Conceptually, this article adapts network governance theory and meta-governance to the characteristics of the Russian hybrid regime. Empirically, it draws on the case of anti-drug policy, which is especially suitable to study the Janus-faced collaboration of the Russian regime with non-state actors under the conditions of an increasingly authoritarian regime. Anti-drug policy cuts across various sectoral policies, such as health and security, and involve different, sometimes competing actors attached to the state and non-state organizations. Depending on whether the issue is framed as a health or security problem, various actors come into play. While the drug control authorities (formerly FSKN) dominate the scene, other state (e.g. medical institutions, regional AIDS centres) and non-state (e.g. NGOs, private drug rehabilitation centres, and the Russian-Orthodox Church) actors are also involved and perform different tasks. A special role of coordination is designated to the anti-drugs commissions replicated at various levels of government and represented by all of the mentioned actors.

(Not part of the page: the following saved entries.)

(* Let $p\in[1,\infty]$ and $m,n\in\mathbb N$, and let $$\mathbb H^n_G(m):=\Big\{\frac{\boldsymbol w}{\|\boldsymbol w\|_p}:\boldsymbol w\ne\boldsymbol0,\ w_i\in\{0,\pm\tfrac1m,\pm\tfrac2m,\dots,\pm1\},\ i=1,\dots,n\Big\}.$$ Then $|\mathbb H^n_G(m)|\le(2m+1)^n$, and for any $\boldsymbol x\in\mathbb S^n_p$ there exists $\boldsymbol y\in\mathbb H^n_G(m)$ such that for every $\boldsymbol z\in\mathbb R^n$: if $\boldsymbol y^{\mathrm T}\boldsymbol z\ge0$ then $\boldsymbol y^{\mathrm T}\boldsymbol z-\frac{\|\boldsymbol z\|_1}m\le\boldsymbol x^{\mathrm T}\boldsymbol z\le(1+\frac{n^{1/p}}m)\boldsymbol y^{\mathrm T}\boldsymbol z+\frac{\|\boldsymbol z\|_1}m$; if $\boldsymbol y^{\mathrm T}\boldsymbol z<0$ then $(1+\frac{n^{1/p}}m)\boldsymbol y^{\mathrm T}\boldsymbol z-\frac{\|\boldsymbol z\|_1}m\le\boldsymbol x^{\mathrm T}\boldsymbol z\le\boldsymbol y^{\mathrm T}\boldsymbol z+\frac{\|\boldsymbol z\|_1}m$.
   Context: $\mathbb S^n_p=\{\boldsymbol x\in\mathbb R^n:\|\boldsymbol x\|_p=1\}$. *)

From HB Require Import structures.
From mathcomp Require Import all_boot all_order all_algebra.
From mathcomp Require Import all_classical all_reals all_analysis.
Unset Printing Implicit Defensive.
Import Order.TTheory GRing.Theory Num.Theory.
Local Open Scope classical_set_scope.
Local Open Scope ring_scope.

(* Vectors of R^n are functions 'I_n -> R.  The exponent p \in [1, +oo] is an
   extended real (p = +oo gives the max norm). *)
Definition pnorm {R : realType} {n : nat} (p : \bar R) (x : 'I_n -> R) : R :=
  match p with
  | EFin q => (\sum_(i < n) `|x i| `^ q) `^ q^-1
  | _ => \big[Num.max/0]_(i < n) `|x i|
  end.

Definition rootp {R : realType} (p : \bar R) (n : nat) : R :=
  match p with
  | EFin q => n%:R `^ q^-1
  | _ => 1
  end.

Definition dotv {R : realType} {n : nat} (x y : 'I_n -> R) : R :=
  \sum_(i < n) x i * y i.

Definition sphere {R : realType} (n : nat) (p : \bar R) : set ('I_n -> R) :=
  [set x | pnorm p x = 1].

Definition hgrid {R : realType} (n m : nat) : set ('I_n -> R) :=
  [set w | (exists i, w i != 0) /\
           forall i, exists k : int, (`|k| <= m)%N /\ w i = k%:~R / m%:R].

Definition HG {R : realType} (n : nat) (p : \bar R) (m : nat) : set ('I_n -> R) :=
  (fun w : 'I_n -> R => (fun i => w i / pnorm p w)) @` (hgrid n m).

From HB Require Import structures.
From mathcomp Require Import all_boot all_order all_algebra.
From mathcomp Require Import all_classical all_reals all_analysis.
From mathcomp Require Import ring lra zify.
Import Order.TTheory GRing.Theory Num.Theory.
Local Open Scope classical_set_scope.
Local Open Scope ring_scope.

(* Round every coordinate of x away from zero to the grid (1/m)Z.  The grid point w
   satisfies |x_i| <= |w_i| and |x_i - w_i| <= 1/m, hence
   1 = ||x||_p <= ||w||_p <= || |x| + 1/m ||_p <= 1 + n^(1/p)/m  (Minkowski).
   With y = w / ||w||_p, the product x.z differs from w.z = ||w||_p y.z by at most
   ||z||_1 / m, and the scale ||w||_p lies in [1, 1 + n^(1/p)/m]; the two cases are
   the two signs of y.z.  Each coordinate of a grid point takes one of 2m+1 values,
   which bounds the size of the image. *)

Lemma card_le_sub_range (T : finType) (U : Type) (f : T -> U) (A : set U) :
  A `<=` range f -> (A #<= `I_#|T|)%card.
Proof.
move=> Af; apply: (@card_le_trans _ _ _ ((f \o enum_val) @` [set: 'I_#|T|])).
  apply: subset_card_le => _ /Af[t _ <-].
  by exists (enum_rank t) => //=; rewrite enum_rankK.
apply: card_le_trans (card_image_le _ _) _.
by have /card_eqPle[] := @card_II #|T|.
Qed.

Section GridRounding.
Context {R : realType}.

Lemma powRKV (q x : R) : q != 0 -> 0 <= x -> (x `^ q) `^ q^-1 = x.
Proof. by move=> q0 x0; rewrite -powRrM mulfV // powRr1. Qed.

Lemma powRVK (q x : R) : q != 0 -> 0 <= x -> (x `^ q^-1) `^ q = x.
Proof. by move=> q0 x0; rewrite -powRrM mulVf // powRr1. Qed.

Lemma powRVl (x r : R) : 0 <= x -> x^-1 `^ r = (x `^ r)^-1.
Proof.
rewrite le_eqVlt => /predU1P[<-|x0].
  by rewrite invr0 /powR eqxx; case: (r == 0); rewrite ?invr1 ?invr0.
by rewrite -powR_inv1 ?ltW // -powRrM mulN1r powRN.
Qed.

Lemma sum_powR_shift_le (q d : R) n (a : 'I_n -> R) : 1 <= q -> 0 <= d ->
  (forall i, 0 <= a i) -> \sum_(i < n) a i `^ q = 1 ->
  \sum_(i < n) (a i + d) `^ q <= (1 + n%:R `^ q^-1 * d) `^ q.
Proof.
move=> q1 d0 a0 suma.
have q0 : 0 < q by apply: lt_le_trans q1.
have n0 : (0 < n)%N.
  by case: n a a0 suma => // a _; rewrite big_ord0 => /eqP; rewrite eq_sym oner_eq0.
set e := n%:R `^ q^-1; set l := (1 + e * d)^-1.
have e0 : 0 < e by rewrite powR_gt0 // ltr0n.
have ed0 : 0 <= e * d by rewrite mulr_ge0 // ltW.
have /andP[l0 l1] : 0 <= l <= 1.
  by rewrite invr_ge0 invf_le1 ?lerDl ?addr_ge0 ?ltr_pwDl.
(* [a i + d = (1 + e d) (l a i + (1 - l) / e)] and [(1 / e) ^ q = 1 / n], so
   convexity of [t ^ q] bounds each term by a convex combination that sums to 1. *)
have convex_pt i : (l * a i + (1 - l) * e^-1) `^ q <= l * a i `^ q + (1 - l) / n%:R.
  rewrite -[n%:R](@powRVK q) ?gt_eqF ?ler0n // -/e -(powRVl _ q (ltW e0)).
  by apply: (convex_powR q1 (Itv01 l0 l1));
    rewrite inE/= in_itv/= andbT ?invr_ge0 ?(ltW e0).
have shift_le i : (a i + d) `^ q <= (1 + e * d) `^ q * (l * a i `^ q + (1 - l) / n%:R).
  have -> : a i + d = (1 + e * d) * (l * a i + (1 - l) * e^-1).
    by rewrite /l; field; rewrite !gt_eqF ?ltr_pwDl.
  rewrite powRM; first by apply: ler_wpM2l; [exact: powR_ge0 | exact: convex_pt].
    by rewrite addr_ge0.
  by rewrite addr_ge0 ?divr_ge0 ?mulr_ge0 ?subr_ge0 // ltW.
apply: le_trans (ler_sum _ (fun i _ => shift_le i)) _.
rewrite -mulr_sumr big_split /= -mulr_sumr suma sumr_const card_ord.
by rewrite mulr1 -[_ *+ n]mulr_natr divfK ?pnatr_eq0 -?lt0n // subrKC mulr1.
Qed.

Lemma round_to_grid (m : nat) (t : R) : (0 < m)%N -> `|t| <= 1 ->
  exists k : int, [/\ (`|k| <= m)%N, `|t| <= `|k%:~R / m%:R|
                    & `|t - k%:~R / m%:R| <= m%:R^-1].
Proof.
move=> m0; have mR : 0 < (m%:R : R) by rewrite ltr0n.
wlog t0 : t / 0 <= t => [wlog_nneg t1|t1].
  have [/wlog_nneg/(_ t1)//|/ltW t_le0] := leP 0 t.
  have [||k [km tk dk]] := wlog_nneg (- t); rewrite ?oppr_ge0 ?normrN //.
  exists (- k); rewrite abszN mulrNz mulNr normrN opprK -[`|t + _|]normrN opprD.
  by rewrite normrN in tk.
set k := Num.ceil (m%:R * t).
have k0 : 0 <= k by rewrite ceil_ge0 (lt_le_trans (ltrN10 _)) ?mulr_ge0.
have t_le_k : t <= k%:~R / m%:R by rewrite ler_pdivlMr // mulrC ceil_ge.
have k_le_t : k%:~R / m%:R <= t + m%:R^-1.
  have := ceilB1_lt (m%:R * t); rewrite -/k intrB.
  rewrite ler_pdivrMr // mulrDl mulVf ?gt_eqF // [t * _]mulrC; lra.
exists k; split.
- rewrite ger0_norm // in t1.
  by rewrite -lez_nat gez0_abs // ceil_le_int -[X in _ <= X]mulr1 ler_wpM2l ?ler0n.
- by rewrite ger0_norm // ger0_norm // divr_ge0 ?ler0z // ltW.
- by rewrite ler0_norm ?subr_le0 //; lra.
Qed.

Lemma abs_le_pnorm n (p : \bar R) (x : 'I_n -> R) i : (0 < p)%E -> `|x i| <= pnorm p x.
Proof.
case: p => [q| |] //= => [|_]; last exact: le_bigmax.
rewrite lte_fin => q0; rewrite -[`|x i|](@powRKV q) ?gt_eqF //.
apply: ge0_ler_powR; rewrite ?nnegrE ?invr_ge0 ?(ltW q0) ?powR_ge0 ?sumr_ge0 //.
by rewrite (bigD1 i) //= lerDl sumr_ge0.
Qed.

Lemma pnorm_support n (p : \bar R) (x : 'I_n -> R) :
  p != 0%:E -> pnorm p x != 0 -> exists i, x i != 0.
Proof.
move=> p0; apply: contra_neqP => x0.
have {x0} x0 i : x i = 0 by apply/eqP/negPn/negP => xi; apply: x0; exists i.
case: p p0 => [q| |] /= => [/[!eqe] q0|_|_];
  [|by elim/big_rec: _ => // i r _ ->; rewrite x0 normr0 maxxx ..].
by rewrite big1 ?powR0 ?invr_neq0 // => i _; rewrite x0 normr0 powR0.
Qed.

Lemma le_pnorm n (p : \bar R) (x y : 'I_n -> R) : (0 <= p)%E ->
  (forall i, `|x i| <= `|y i|) -> pnorm p x <= pnorm p y.
Proof.
case: p => [q| |] //= => [q0|_] xy; last by apply: le_bigmax2 => i _.
rewrite lee_fin in q0.
apply: ge0_ler_powR; rewrite ?nnegrE ?invr_ge0 ?sumr_ge0 //.
by apply: ler_sum => i _; apply: ge0_ler_powR; rewrite ?nnegrE.
Qed.

Lemma pnorm_shift_le n (p : \bar R) (x : 'I_n -> R) (d : R) : (1 <= p)%E -> 0 <= d ->
  pnorm p x = 1 -> pnorm p (fun i => `|x i| + d) <= 1 + rootp p n * d.
Proof.
case: p => [q| |] //= => [q1|_] d0 x1; last first.
  rewrite mul1r; apply: bigmax_le => [|i _]; first by rewrite addr_ge0.
  by rewrite ger0_norm ?addr_ge0 // lerD2r -x1 le_bigmax.
rewrite lee_fin in q1; have q0 : 0 < q := lt_le_trans ltr01 q1.
have sum1 : \sum_(i < n) `|x i| `^ q = 1.
  by rewrite -[LHS](@powRVK q) ?gt_eqF ?sumr_ge0 // x1 powR1.
rewrite -[X in _ <= X](@powRKV q) ?gt_eqF ?addr_ge0 ?mulr_ge0 ?powR_ge0 //.
apply: ge0_ler_powR; rewrite ?nnegrE ?invr_ge0 ?(ltW q0) ?powR_ge0 ?sumr_ge0 //.
under eq_bigr do rewrite ger0_norm ?addr_ge0 //.
exact: sum_powR_shift_le.
Qed.

Lemma pnorm_outward_bounds n (p : \bar R) (x w : 'I_n -> R) (d : R) :
  (1 <= p)%E -> 0 <= d -> pnorm p x = 1 ->
  (forall i, `|x i| <= `|w i|) -> (forall i, `|x i - w i| <= d) ->
  1 <= pnorm p w <= 1 + rootp p n * d.
Proof.
move=> p1 d0 x1 xw dxw; have p0 : (0 <= p)%E := le_trans lee01 p1.
rewrite -{1}x1 le_pnorm //=; apply: le_trans (pnorm_shift_le _ _ _ _ p1 d0 x1).
apply: le_pnorm p0 _ => i; rewrite [`|_ + _|]ger0_norm ?addr_ge0 //.
by have := lerB_dist (w i) (x i); rewrite distrC; have := dxw i; lra.
Qed.

Lemma dotv_divl n (w z : 'I_n -> R) (s : R) :
  dotv (fun i => w i / s) z = dotv w z / s.
Proof. by rewrite /dotv mulr_suml; apply: eq_bigr => i _; rewrite mulrAC. Qed.

Lemma dotv_dist_le n (x w z : 'I_n -> R) (d : R) : (forall i, `|x i - w i| <= d) ->
  `|dotv x z - dotv w z| <= (\sum_(i < n) `|z i|) * d.
Proof.
move=> xw; rewrite /dotv -sumrB mulr_suml; apply: le_trans (ler_norm_sum _ _ _) _.
by apply: ler_sum => i _; rewrite -mulrBl normrM mulrC ler_wpM2l.
Qed.

Lemma rescaled_approx (X Y s c e : R) : 1 <= s <= c -> `|X - s * Y| <= e ->
  (0 <= Y -> Y - e <= X <= c * Y + e) /\ (Y < 0 -> c * Y - e <= X <= Y + e).
Proof.
move=> /andP[s1 sc]; rewrite ler_norml => /andP[lo hi].
by split=> Y0; apply/andP; split; nra.
Qed.

Lemma card_HG n (p : \bar R) m : (HG n p m #<= `I_((2 * m + 1) ^ n))%card.
Proof.
have <- : #|{ffun 'I_n -> 'I_(2 * m + 1)}| = ((2 * m + 1) ^ n)%N.
  by rewrite card_ffun !card_ord.
apply: card_le_trans (card_image_le _ _) _.
pose F (f : {ffun 'I_n -> 'I_(2 * m + 1)}) i : R := ((f i : nat)%:Z - m%:Z)%:~R / m%:R.
apply: (@card_le_sub_range _ _ F).
move=> w [_ /choice[k wk]].
have k_bound i : (absz (k i + m%:Z)%R < 2 * m + 1)%N by have [] := wk i; lia.
exists [ffun i => Ordinal (k_bound i)] => //; apply/funext => i; rewrite /F ffunE /=.
by have [km ->] := wk i; congr (_%:~R / _); lia.
Qed.

End GridRounding.

Theorem lemma4p10 (R : realType) (p : \bar R) (m n : nat) :
  (1%:E <= p)%E -> (0 < m)%N ->
  (HG n p m #<= `I_((2 * m + 1) ^ n))%card /\
  forall x : 'I_n -> R, x \in sphere n p ->
  exists2 y, y \in HG n p m &
    forall z : 'I_n -> R,
      let z1 := \sum_(i < n) `|z i| in
      let c := 1 + rootp p n / m%:R in
      (0 <= dotv y z ->
         dotv y z - z1 / m%:R <= dotv x z <= c * dotv y z + z1 / m%:R) /\
      (dotv y z < 0 ->
         c * dotv y z - z1 / m%:R <= dotv x z <= dotv y z + z1 / m%:R).
Proof.
move=> p1 m0; split=> [|x]; first exact: card_HG.
rewrite inE /sphere /= => x1; have p0 : (0 < p)%E := lt_le_trans lte01 p1.
have x_le1 i : `|x i| <= 1 by rewrite -x1 abs_le_pnorm.
have [k xk] := choice (fun i => round_to_grid m (x i) m0 (x_le1 i)).
pose w i : R := (k i)%:~R / m%:R.
have /andP[w_ge1 w_le] : 1 <= pnorm p w <= 1 + rootp p n / m%:R.
  by apply: pnorm_outward_bounds p1 _ x1 _ _ => [|i|i];
    rewrite ?invr_ge0 //; have [] := xk i.
have w_gt0 : 0 < pnorm p w := lt_le_trans ltr01 w_ge1.
exists (fun i => w i / pnorm p w).
  rewrite inE; exists w => //; split; last by move=> i; exists (k i); have [] := xk i.
  by apply: (pnorm_support _ p); rewrite gt_eqF.
move=> z; rewrite dotv_divl; apply: (rescaled_approx _ _ (pnorm p w)).
  by rewrite w_ge1 w_le.
rewrite mulrC divfK ?gt_eqF //; apply: dotv_dist_le => i.
by have [] := xk i.
Qed.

The case studies were conducted in Samara and St. Petersburg, both being federal subjects that are among Russia’s highest in terms of drug use in the population. However, whereas St. Petersburg has a wide number of non-state actors that collaborate with the state on anti-drug policy, Samara’s civil society landscape on this issue is much more limited. The data was gathered by using method triangulation. It comprises 27 semi-structured interviews with government officials and policy-makers, representatives of professional groups, civil society organizations (mostly NGOs), as well as with independent stakeholders who work in the field of anti-drug policy. Besides, the researchers conducted observations of five network meetings as well as document analyses.
Linking the results to theories on ‘new’ authoritarianism, our analysis reveals that the Russian state does not appear as a unitary actor. However, the more securitized the specific policy issue at stake is, the less the drug authorities are willing to provide a space for other actors in policy development and implementation.